The formal requirements for sharing personal data applies the same to companies within a Company Group, both in terms of contracts (“DPA”s and Data Sharing Agreements) and in transparency requirements. A Company Group Privacy Policy will be a good cornerstone (and if done properly fulfil the requirements of a Data Sharing Agreement where needed).

4. Educate your team – considering the human factor

Even the best laid plan and documentation can be wasted if your colleagues are in the dark. Even before your work is done, book a training session for the management team, key personnel and eventually the rest of the staff (at the very least customer-facing staff), to inform of:

  1. The basic (data subject) rights and (company) obligations following GDPR
  2. Present (and where to find) supporting documentation and inform of where and how to escalate questions internally
  3. That all new systems processing personal data must be signed off by the privacy function/team.
  4. … and answer questions.


One way to make sure the very basics of using personal data are obvious to everyone in your organization is to buy a company licence to our GDPR e-learning.
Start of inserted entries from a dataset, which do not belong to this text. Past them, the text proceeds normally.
(* Let $G$ be a 2-connected graph and $G'$ a graph that is not a circuit, and let $f:G\rightarrow G'$ be a circuit surjection. Let $e$ be an edge of $G'$. If $C$ is a circuit of $G$ containing at least one element of $f^{-1}(e)$, then $C$ contains every element of $f^{-1}(e)$.
   Context: Graphs are undirected, without loops or multiple edges, and not necessarily finite. A circuit surjection $f:G\rightarrow G'$ is a map from the edge set $E(G)$ onto the edge set $E(G')$ such that for every circuit (cycle) $C$ of $G$, the edge set $f(C)$ is a circuit of $G'$; it is also required that $G'$ has no isolated vertices. ''$G'$ is not a circuit'' means $G'$ is not itself a single cycle. *)

From Stdlib Require Import Arith Lia.

Record graph := {
  V : Type;
  E : Type;
  ends : E -> V -> Prop;
  ends_two : forall e, exists u v, u <> v /\ forall w, ends e w <-> (w = u \/ w = v);
  no_multi : forall e1 e2, (forall w, ends e1 w <-> ends e2 w) -> e1 = e2
}.

Arguments ends {g} _ _.

Definition adj (G : graph) (u v : V G) : Prop :=
  u <> v /\ exists e : E G, ends e u /\ ends e v.

Definition is_circuit (G : graph) (C : E G -> Prop) : Prop :=
  exists (n : nat) (v : nat -> V G) (e : nat -> E G),
    3 <= n /\
    (forall i j, i < n -> j < n -> v i = v j -> i = j) /\
    (forall i, i < n -> ends (e i) (v i) /\ ends (e i) (v ((i + 1) mod n))) /\
    (forall x, C x <-> exists i, i < n /\ e i = x).

Definition joined_avoiding (G : graph) (X : V G -> Prop) (u v : V G) : Prop :=
  exists (n : nat) (w : nat -> V G),
    w 0 = u /\ w n = v /\
    (forall i, i <= n -> ~ X (w i)) /\
    (forall i, i < n -> adj G (w i) (w (i + 1))).

Definition connected_minus (G : graph) (X : V G -> Prop) : Prop :=
  forall u v, ~ X u -> ~ X v -> joined_avoiding G X u v.
Lemma param_counts_close s : valid_blocks s -> (4 <= size (blockseq s))%N ->
  forall i : 'I_8,
  `|param_counts (blockseq s) i / ((size (blockseq s))%:R - 3) - params R s i|
    <= 3 / ((size (blockseq s))%:R - 3).
Proof.
move=> valid_s; set X := blockseq s => le4X i.
have T_ge4 : 4 <= (size X)%:R :> R by rewrite (ler_nat R 4).
have close (x D : R) : 0 <= x <= D -> (size X)%:R - 3 <= D <= (size X)%:R ->
    `|x / ((size X)%:R - 3) - x / D| <= 3 / ((size X)%:R - 3).
  by move=> x_bounds /andP[? ?]; apply: dist_div_div_le => //; [lra | apply/andP; split; lra].
have count_le_T w : (0 < size w)%N -> count_word X w <= (size X)%:R.
  move=> w_gt0; apply: le_trans (count_word_le X w) _.
  by rewrite ler_nat; lia.
have nu_close w : (2 < size w <= 4)%N ->
    `|count_word X w / ((size X)%:R - 3) - nu R X w| <= 3 / ((size X)%:R - 3).
  move=> /andP[w_gt2 w_le4]; rewrite nuE; apply: close.
    by rewrite count_word_ge0 count_word_le.
  have -> : ((size X - size w).+1)%:R = (size X)%:R - (size w)%:R + 1 :> R.
    by rewrite -natr1 natrB //; lia.
  have w_ge3 : 3 <= (size w)%:R :> R by rewrite ler_nat.
  have w_le4' : (size w)%:R <= 4 :> R by rewrite ler_nat.
  by apply/andP; split; lra.
case: i => [[|[|[|[|[|[|[|[|//]]]]]]]] lt_i8]; rewrite /params /param_counts /= -/X;
  try by apply: nu_close.
- rewrite count_word_true; last by apply: leq_trans le4X.
  apply: close; last by rewrite lexx andbT; lra.
  by rewrite ler0n ler_nat count_size.
- rewrite -(descents_blockseq valid_s) -/X -count_word_true_false; last by apply: leq_trans le4X.
  apply: close; last by rewrite lexx andbT; lra.
  by rewrite count_word_ge0 count_le_T.
Qed.

End Frequencies.
(* Fix $k\ge3$. Consider the recursive network formation model with the utility function described in the context. Instead of a single node, the process starts from the base graph for the $k$-star: $2k$ nodes, namely $k$ pairwise adjacent centers, each also adjacent to exactly one distinct leaf. Suppose $$\gamma=0,\qquad c=b_1-b_3,\qquad b_2-b_3<c_0<b_2-b_4.$$ Then the resulting topology is a $k$-star: for every $n\ge 2k$, the pairwise stable network reached when the network has $n$ nodes is a $k$-star network on $n$ nodes, irrespective of the random order in which nodes are selected to move.
   Context: A $k$-star network ($k\ge3$) on $n\ge 2k$ nodes consists of $k$ ''center'' nodes that are pairwise adjacent, forming a clique. Every other node is a leaf adjacent to exactly one center and to nothing else. Each center has at least one leaf, and the numbers of leaves of any two centers differ by at most one. Networks are finite simple undirected graphs whose vertices (nodes) are self-interested agents. Parameters: benefits $b_1>b_2>b_3>b_4>\dots>0$, where $b_i$ is the benefit a node obtains from a node at distance $i$; a link cost $c$ per immediate neighbor; an intermediation fraction $\gamma$ with $0\le\gamma<1$; and a network entry factor $c_0$. Notation: $N$ is the set of nodes currently in the network, $d_j$ the degree of $j$, and $l(j,w)$ the graph distance. A node $x$ is essential for a pair $y,z$ (with $x\notin\{y,z\}$) if $x$ lies on every path joining $y$ and $z$. Write $E(y,z)$ for the set of nodes essential for $y,z$ and $e(y,z)=|E(y,z)|$. Only pairs joined by a path contribute to the sums below. Utility of node $j$ in network $g$: $$u_j(g)=-c_0\,d_{T(j)}\mathbf 1_{\{j=\mathrm{NE}\}}+d_j(b_1-c)+\sum_{w\in N,\ l(j,w)>1}b_{l(j,w)}-\sum_{w\in N,\ E(j,w)\ne\emptyset}\gamma\, b_{l(j,w)}+\sum_{y,z\in N,\ j\in E(y,z)}\frac{\gamma}{e(y,z)}\,2\,b_{l(y,z)}.$$ Here $\mathbf 1_{\{j=\mathrm{NE}\}}=1$ exactly when $j$ is a newly entering node evaluating the creation of its first link. $T(j)$ is the existing node to which $j$ forms that first link, and $d_{T(j)}$ is that node's degree before the link. The network before entry gives the entering node utility $0$. Pairwise stability: $g$ is pairwise stable if (a) for every link $(i,j)\in g$, $u_i(g\setminus\{(i,j)\})\le u_i(g)$ and $u_j(g\setminus\{(i,j)\})\le u_j(g)$; and (b) for every non-link $(i,j)\notin g$, if $u_i(g\cup\{(i,j)\})>u_i(g)$ then $u_j(g\cup\{(i,j)\})<u_j(g)$. Recursive model of network formation (from a given base graph): - When the current network of $n-1$ nodes is pairwise stable, a new node considers entering. Its options are to stay out or to propose a link to one existing node. The link forms iff the receiving node's utility does not decrease. No existing node can link to the newcomer before it has formed this first link. - After entry, nodes are repeatedly chosen at random to move. A chosen node plays a myopic best response among three options: create a link with a non-neighbor (the link forms only if the other node's utility does not decrease, which the proposer anticipates); delete a link with a neighbor (unilaterally); or keep the status quo. It alters a link only if this strictly increases its current utility. - This continues until the network is pairwise stable; then the next node considers entering, and so on. *)

From HB Require Import structures.
From mathcomp Require Import all_boot all_order all_algebra.
From Stdlib Require Import Relations.
Set Implicit Arguments. Unset Strict Implicit. Unset Printing Implicit Defensive.
Import Order.TTheory GRing.Theory Num.Theory.
Local Open Scope ring_scope.

(* A network: nodes are 0, ..., nn-1; [adj] is an (un-normalised) adjacency
   function, only read through [edge] below. *)
Record net := Net { nn : nat; adj : nat -> nat -> bool }.

Definition nodes (g : net) : seq nat := iota 0 (nn g).

Definition edge (g : net) (x y : nat) : bool :=
  [&& (x < nn g)%N, (y < nn g)%N, x != y & adj g x y || adj g y x].

Definition deg (g : net) (j : nat) : nat := count (edge g j) (nodes g).

(* walkin e ns m x y : there is a walk of length <= m from x to y along e,
   through nodes of ns *)
Fixpoint walkin (e : rel nat) (ns : seq nat) (m : nat) (x y : nat) : bool :=
  if m is m'.+1 then
    walkin e ns m' x y || has (fun z => walkin e ns m' x z && e z y) ns
  else (x == y) && (x \in ns).

Definition conn (g : net) (y z : nat) : bool := walkin (edge g) (nodes g) (nn g) y z.

(* graph distance l(y,z) (only meaningful when conn g y z) *)
Definition dist (g : net) (y z : nat) : nat :=
  find (fun m => walkin (edge g) (nodes g) m y z) (iota 0 (nn g)).

(* x is essential for y,z: x not in {y,z}, y and z are joined by a path,
   and every path joining y and z passes through x (i.e. there is no path
   from y to z avoiding x). *)
Definition ess (g : net) (x y z : nat) : bool :=
  [&& x != y, x != z, conn g y z &
      ~~ walkin (fun a b => [&& edge g a b, a != x & b != x]) (nodes g) (nn g) y z].

Definition ecount (g : net) (y z : nat) : nat := count (fun x => ess g x y z) (nodes g).

Section Utility.
Variable R : realFieldType.
Variables (b : nat -> R) (c gam : R).

(* utility of an existing node j in g (without the entry term) *)
Definition util (g : net) (j : nat) : R :=
  (deg g j)%:R * (b 1%N - c)
  + \sum_(w <- nodes g | conn g j w && (1 < dist g j w)%N) b (dist g j w)
  - \sum_(w <- nodes g | has (fun x => ess g x j w) (nodes g)) gam * b (dist g j w)
  + \sum_(y <- nodes g) \sum_(z <- nodes g | (y < z)%N && ess g j y z)
        gam / (ecount g y z)%:R * 2%:R * b (dist g y z).

Definition same_pair (i j x y : nat) : bool :=
  ((x == i) && (y == j)) || ((x == j) && (y == i)).

Definition add_link (g : net) (i j : nat) : net :=
  Net (nn g) (fun x y => adj g x y || same_pair i j x y).

Definition del_link (g : net) (i j : nat) : net :=
  Net (nn g) (fun x y => adj g x y && ~~ same_pair i j x y && ~~ same_pair i j y x).

Definition pairwise_stable (g : net) : Prop :=
  (forall i j, edge g i j ->
     util (del_link g i j) i <= util g i /\ util (del_link g i j) j <= util g j) /\
  (forall i j, (i < nn g)%N -> (j < nn g)%N -> i != j -> ~~ edge g i j ->
     util g i < util (add_link g i j) i -> util (add_link g i j) j < util g j).
(* Upper bound: the coordinates Re <W_ab, rho> of rho in a Hermitian basis of
   Herm(C^n), minus one diagonal coordinate that Tr rho = 1 determines, give an
   injective map G from densities to R^(n^2-1).  It is identifiable (through
   the affine constraints <W_ab - r_ab I, rho> = 0) and elicitable (measure
   1/2 (I +- e A_r) with A_r = sum_ab 2 r_ab W_ab and pay +-1/e - |r|^2; the
   expected score is |G rho|^2 - |G rho - r|^2), so every property, F
   included, factors through G.
   Lower bound: if F = psi o G' with G' identifiable in dimension k < n^2 - 1,
   then the k constraints at the maximally mixed state I/n, together with the
   trace, leave a nonzero traceless Hermitian direction D along which G', hence
   F, is constant near I/n, contradicting strict convexity at a midpoint. *)

From Pilot Require Import Defs.
From HB Require Import structures.
From mathcomp Require Import all_boot all_order all_algebra.
From mathcomp Require Import reals complex ring lra zify.
From Stdlib Require Import ClassicalEpsilon.
(* Re-imported so that [hermitian] means [Defs.hermitian], not the one of sesquilinear. *)
Import Defs.
Import Order.TTheory GRing.Theory Num.Theory.
Local Open Scope ring_scope.

Set Implicit Arguments.
Unset Strict Implicit.
Unset Printing Implicit Defensive.

Section ComplexFacts.
Variable R : realType.
Implicit Types (z : R[i]) (x : R).

Lemma complex_ext z w :
  complex.Re z = complex.Re w -> complex.Im z = complex.Im w -> z = w.
Proof. by case: z; case: w => /= a b c d -> ->. Qed.

Lemma Re_realCM x z : complex.Re (x%:C%C * z) = x * complex.Re z.
Proof. by case: z => a b /=; ring. Qed.

Lemma Im_realCM x z : complex.Im (x%:C%C * z) = x * complex.Im z.
Proof. by case: z => a b /=; ring. Qed.

Lemma conjc_fixed_Im z : z^*%C = z -> complex.Im z = 0.
Proof. by case: z => a b /= [] hb; lra. Qed.

Lemma conjci : ('i%C : R[i])^*%C = - 'i%C.
Proof. by apply: complex_ext => /=; rewrite ?oppr0. Qed.

End ComplexFacts.

Lemma ord_ltn_eqF m (i j : 'I_m) : (i < j)%N -> (i == j) = false.
Proof. by move=> ij; rewrite -val_eqE /= ltn_eqF. Qed.

Lemma ord_gtn_eqF m (i j : 'I_m) : (j < i)%N -> (i == j) = false.
Proof. by move=> ji; rewrite eq_sym ord_ltn_eqF. Qed.

Section Adjoint.
Variable R : realType.

Lemma adjmx_is_zmod_morphism p q : zmod_morphism (@adjmx R p q).
Proof. by move=> A B; apply/matrixP => i j; rewrite !mxE rmorphB. Qed.

HB.instance Definition _ p q := GRing.isZmodMorphism.Build
  'M[R[i]]_(p, q) 'M[R[i]]_(q, p) (@adjmx R p q) (@adjmx_is_zmod_morphism p q).

Lemma adjmxZ p q z (A : 'M[R[i]]_(p, q)) : adjmx (z *: A) = z^*%C *: adjmx A.
Proof. by apply/matrixP => i j; rewrite !mxE rmorphM. Qed.

Lemma adjmxM p q r (A : 'M[R[i]]_(p, q)) (B : 'M[R[i]]_(q, r)) :
  adjmx (A *m B) = adjmx B *m adjmx A.
Proof. by rewrite /adjmx map_mxM trmx_mul. Qed.
(* Let $\mu$ be a positive Borel measure on $\mathbb{R}$, absolutely continuous with respect to Lebesgue measure, with finite moments of all orders, supported on a set $E$ with infinitely many points, let $c\in\mathbb{R}\setminus E$ and $N>0$. With the notation of the context, for every $n\ge1$, $$Q_n^{c,N}(x)=Q_n^c(x)-N\,Q_n^{c,N}(c)\,K_{n-1}^c(x,c),\qquad Q_n^{c,N}(c)=\frac{Q_n^c(c)}{1+NK_{n-1}^c(c,c)}=\kappa_n^{-1}Q_n^c(c),$$ where $\kappa_n=1+NB_n^c$.
   Context: $\{P_n\}$ is the monic orthogonal polynomial sequence (MOPS) for $\mu$, $\|f\|_\mu^2=\int f^2d\mu$. $\{Q_n^c\}$ is the MOPS for $\langle f,g\rangle_\nu=\int fg\frac{1}{x-c}d\mu$, $\|f\|_\nu^2=\langle f,f\rangle_\nu$, and $K_n^c(x,y)=\sum_{k=0}^n\frac{Q_k^c(x)Q_k^c(y)}{\|Q_k^c\|_\nu^2}$. $\{Q_n^{c,N}\}$ is the MOPS for $\langle f,g\rangle_{\nu_N}=\int fg\frac{1}{x-c}d\mu+Nf(c)g(c)$. $B_n^c=\frac{-Q_n^c(c)P_{n-1}(c)}{\|P_{n-1}\|_\mu^2}$. *)

From HB Require Import structures.
From mathcomp Require Import all_boot all_order all_algebra.
From mathcomp Require Import all_classical all_reals all_analysis.
Set Implicit Arguments. Unset Strict Implicit. Unset Printing Implicit Defensive.
Import Order.TTheory GRing.Theory Num.Theory.
Import numFieldNormedType.Exports.
Local Open Scope classical_set_scope.
Local Open Scope ring_scope.

Definition msupp (R : realType) (mu : {measure set (measurableTypeR R) -> \bar R})
  : set R := [set x | forall e : R, 0 < e -> (0 < mu (ball x e))%E].

Definition ip_mu (R : realType) (mu : {measure set (measurableTypeR R) -> \bar R})
  (p q : {poly R}) : R := Rintegral mu setT (fun x => p.[x] * q.[x]).

Definition ip_nu (R : realType) (mu : {measure set (measurableTypeR R) -> \bar R})
  (c : R) (p q : {poly R}) : R :=
  Rintegral mu setT (fun x => p.[x] * q.[x] / (x - c)).

Definition ip_nuN (R : realType) (mu : {measure set (measurableTypeR R) -> \bar R})
  (c N : R) (p q : {poly R}) : R :=
  ip_nu mu c p q + N * p.[c] * q.[c].

Definition is_MOPS (R : realType) (B : {poly R} -> {poly R} -> R)
  (P : nat -> {poly R}) : Prop :=
  (forall n, size (P n) = n.+1 /\ lead_coef (P n) = 1) /\
  (forall m n, m <> n -> B (P m) (P n) = 0) /\
  (forall n, B (P n) (P n) != 0).

Definition Kc (R : realType) (mu : {measure set (measurableTypeR R) -> \bar R})
  (c : R) (Q : nat -> {poly R}) (n : nat) (x y : R) : R :=
  \sum_(0 <= k < n.+1) (Q k).[x] * (Q k).[y] / ip_nu mu c (Q k) (Q k).

Definition Bc (R : realType) (mu : {measure set (measurableTypeR R) -> \bar R})
  (c : R) (P Q : nat -> {poly R}) (n : nat) : R :=
  - (Q n).[c] * (P n.-1).[c] / ip_mu mu (P n.-1) (P n.-1).

(* Write K for the polynomial x |-> K^c_(n-1)(x, c); for the form <.,.>_nu it
   reproduces the value at c on polynomials of degree < n.  The polynomial
   Q_n^(c,N) - Q_n^c + N Q_n^(c,N)(c) K has degree < n and is nu-orthogonal to
   every Q_k^c with k < n, because nu_N-orthogonality reads
   <Q_n^(c,N), Q_k^c>_nu = - N Q_n^(c,N)(c) Q_k^c(c); hence it vanishes, which is
   the first identity.  Evaluating it at c gives the second one, since
   1 + N K(c) = 0 would make K nu_N-orthogonal to all polynomials of degree < n.
   Finally <(x - c) f, g>_nu = <f, g>_mu: splitting K and Q_n^c at c and pairing
   with P_(n-1) gives K(c) a = P_(n-1)(c) and Q_n^c(c) a = - ||P_(n-1)||_mu^2 for
   a = <1, P_(n-1)>_nu, that is K(c) = B_n^c. *)

From HB Require Import structures.
From mathcomp Require Import all_boot all_order all_algebra.
From mathcomp Require Import all_classical all_reals all_analysis.
From mathcomp Require Import measurable_realfun ring.
Import Order.TTheory GRing.Theory Num.Theory.
Import numFieldNormedType.Exports.
Local Open Scope classical_set_scope.
Local Open Scope ring_scope.

Set Implicit Arguments.
Unset Strict Implicit.
Unset Printing Implicit Defensive.

Lemma size_sub_coefZ_monic (R : nzRingType) n (f p : {poly R}) :
  p \is monic -> size p = n.+1 -> (size f <= n.+1)%N ->
  (size (f - f`_n *: p)%R <= n)%N.
Proof.
move=> /monicP p_lead p_size /leq_sizeP f_size; apply/leq_sizeP => j.
rewrite leq_eqVlt coefB coefZ => /predU1P[<-|n_lt_j].
  by move: p_lead; rewrite lead_coefE p_size => ->; rewrite mulr1 subrr.
have /leq_sizeP p_small : (size p <= n.+1)%N by rewrite p_size.
by rewrite f_size // p_small // mulr0 subrr.
Qed.

Lemma size_sub_monic (R : nzRingType) n (p q : {poly R}) :
  p \is monic -> q \is monic -> size p = n.+1 -> size q = n.+1 ->
  (size (p - q)%R <= n)%N.
Proof.
move=> /monicP p_lead q_monic p_size q_size.
have p_n : p`_n = 1 by rewrite -p_lead lead_coefE p_size.
by rewrite -[q]scale1r -p_n size_sub_coefZ_monic ?p_size.
Qed.

Lemma size_divXsubC (R : fieldType) (f : {poly R}) c :
  size (f %/ ('X - c%:P)) = (size f).-1.
Proof. by rewrite size_divp ?polyXsubC_eq0 // size_XsubC subn1. Qed.

Lemma lead_coef_divXsubC (R : fieldType) (f : {poly R}) c :
  (1 < size f)%N -> lead_coef (f %/ ('X - c%:P)) = lead_coef f.
Proof.
move=> f_gt1; set s := f %/ ('X - c%:P).
have s_neq0 : s != 0 by rewrite -size_poly_gt0 size_divXsubC -ltnS prednK // ltnW.
rewrite [in RHS](divp_eq f ('X - c%:P)) modp_XsubC lead_coefDl.
  by rewrite lead_coef_Mmonic ?monicXsubC.
rewrite size_Mmonic ?monicXsubC // size_XsubC addn2 ltnS.
by rewrite (leq_trans (size_polyC_leq1 _)) // size_poly_gt0.
Qed.

Section OrthogonalExpansion.
Variables (R : realType) (B : {poly R} -> {poly R} -> R).
Hypothesis BDl : forall p q r, B (p + q) r = B p r + B q r.
Hypothesis BZl : forall a p r, B (a *: p) r = a * B p r.

Lemma B0l r : B 0 r = 0.
Proof. by rewrite -(scale0r 0) BZl mul0r. Qed.

Lemma BBl p q r : B (p - q) r = B p r - B q r.
Proof. by rewrite BDl -scaleN1r BZl mulN1r. Qed.

Lemma B_suml (I : Type) (s : seq I) (F : I -> {poly R}) r :
  B (\sum_(i <- s) F i) r = \sum_(i <- s) B (F i) r.
Proof. exact: (big_morph (B^~ r) (fun p q => BDl p q r) (B0l r)). Qed.

Variable P : nat -> {poly R}.
Hypothesis P_MOPS : is_MOPS B P.

Lemma size_MOPS n : size (P n) = n.+1.
Proof. by case: P_MOPS => /(_ n) []. Qed.

Lemma MOPS_monic n : P n \is monic.
Proof. by case: P_MOPS => /(_ n) [_ /monicP]. Qed.

Lemma MOPS_orth m n : m <> n -> B (P m) (P n) = 0.
Proof. by case: P_MOPS => _ [+ _]; apply. Qed.

Lemma MOPS_norm_neq0 n : B (P n) (P n) != 0.
Proof. by case: P_MOPS => _ []. Qed.

Lemma MOPS_orthogonal n (f : {poly R}) : (size f <= n)%N -> B f (P n) = 0.
Proof.
suff orth_above d (g : {poly R}) m : (size g <= d)%N -> (d <= m)%N -> B g (P m) = 0.
  by move=> f_size; apply: orth_above f_size (leqnn n).
elim: d g => [|d IHd] g g_size d_le_m.
  by move: g_size; rewrite leqn0 size_poly_eq0 => /eqP->; rewrite B0l.
rewrite -(subrK (g`_d *: P d) g) BDl BZl MOPS_orth ?mulr0 ?addr0.
  by apply: IHd (ltnW d_le_m); rewrite size_sub_coefZ_monic ?MOPS_monic ?size_MOPS.
by move=> eq_dm; rewrite eq_dm ltnn in d_le_m.
Qed.

Lemma MOPS_top_coef n (f : {poly R}) :
  (size f <= n.+1)%N -> B f (P n) = f`_n * B (P n) (P n).
Proof.
move=> f_size; rewrite -{1}(subrK (f`_n *: P n) f) BDl BZl MOPS_orthogonal ?add0r //.
by rewrite size_sub_coefZ_monic ?MOPS_monic ?size_MOPS.
Qed.

Lemma MOPS_expansion n (f : {poly R}) : (size f <= n)%N ->
  f = \sum_(k < n) (B f (P k) / B (P k) (P k)) *: P k.
Proof.
elim: n f => [|n IHn] f f_size.
  by rewrite big_ord0; apply/eqP; rewrite -size_poly_eq0 -leqn0.
rewrite big_ord_recr /= MOPS_top_coef // mulfK ?MOPS_norm_neq0 //.
rewrite -{1}(subrK (f`_n *: P n) f); congr (_ + _).
have g_size : (size (f - f`_n *: P n)%R <= n)%N.
  by rewrite size_sub_coefZ_monic ?MOPS_monic ?size_MOPS.
rewrite {1}(IHn _ g_size); apply: eq_bigr => k _.
rewrite BBl BZl MOPS_orth ?mulr0 ?subr0 //.
by apply/eqP; rewrite neq_ltn ltn_ord orbT.
Qed.

Lemma MOPS_eq0 n (f : {poly R}) : (size f <= n)%N ->
  (forall k, (k < n)%N -> B f (P k) = 0) -> f = 0.
Proof.
move=> f_size f_orth; rewrite (MOPS_expansion f_size) big1 // => k _.
by rewrite f_orth // mul0r scale0r.
Qed.

End OrthogonalExpansion.

Definition kernel_poly (R : fieldType) (B : {poly R} -> {poly R} -> R)
    (Q : nat -> {poly R}) (n : nat) (c : R) : {poly R} :=
  \sum_(k < n.+1) ((Q k).[c] / B (Q k) (Q k)) *: Q k.

Lemma Kc_kernel_poly (R : realType) (mu : {measure set (measurableTypeR R) -> \bar R})
    (c : R) (Q : nat -> {poly R}) n x :
  Kc mu c Q n x c = (kernel_poly (ip_nu mu c) Q n c).[x].
Proof.
rewrite /Kc big_mkord horner_sum; apply: eq_bigr => k _.
by rewrite hornerZ [_ * (Q k).[c]]mulrC mulrAC.
Qed.

Section ReproducingKernel.
Variables (R : realType) (B : {poly R} -> {poly R} -> R).
Hypothesis BDl : forall p q r, B (p + q) r = B p r + B q r.
Hypothesis BZl : forall a p r, B (a *: p) r = a * B p r.
Hypothesis Bsym : forall p q, B p q = B q p.
Variables (Q : nat -> {poly R}) (c : R) (n : nat).
Hypothesis Q_MOPS : is_MOPS B Q.

Local Notation K := (kernel_poly B Q n c).

Lemma size_kernel_poly : (size K <= n.+1)%N.
Proof.
apply: leq_trans (size_sum _ _ _) _; apply/bigmax_leqP => k _.
by rewrite (leq_trans (size_scale_leq _ _)) // (size_MOPS Q_MOPS).
Qed.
5. Keep up to date and reactive

“Are we there yet” is not the question to ask, although we feel you…

GDPR allows for a risk-based approach to “never ending compliance”, where of course you cannot claim that one thing was completely overlooked (and still postponed years after GDPR came into effect) for the benefit of another, but at least you are not supposed to do everything at once. Important to remember is that the “risk” is the risk to the data subject, and not to your company – although with a healthy customer/employee/etc relationship they often go quite hand in hand.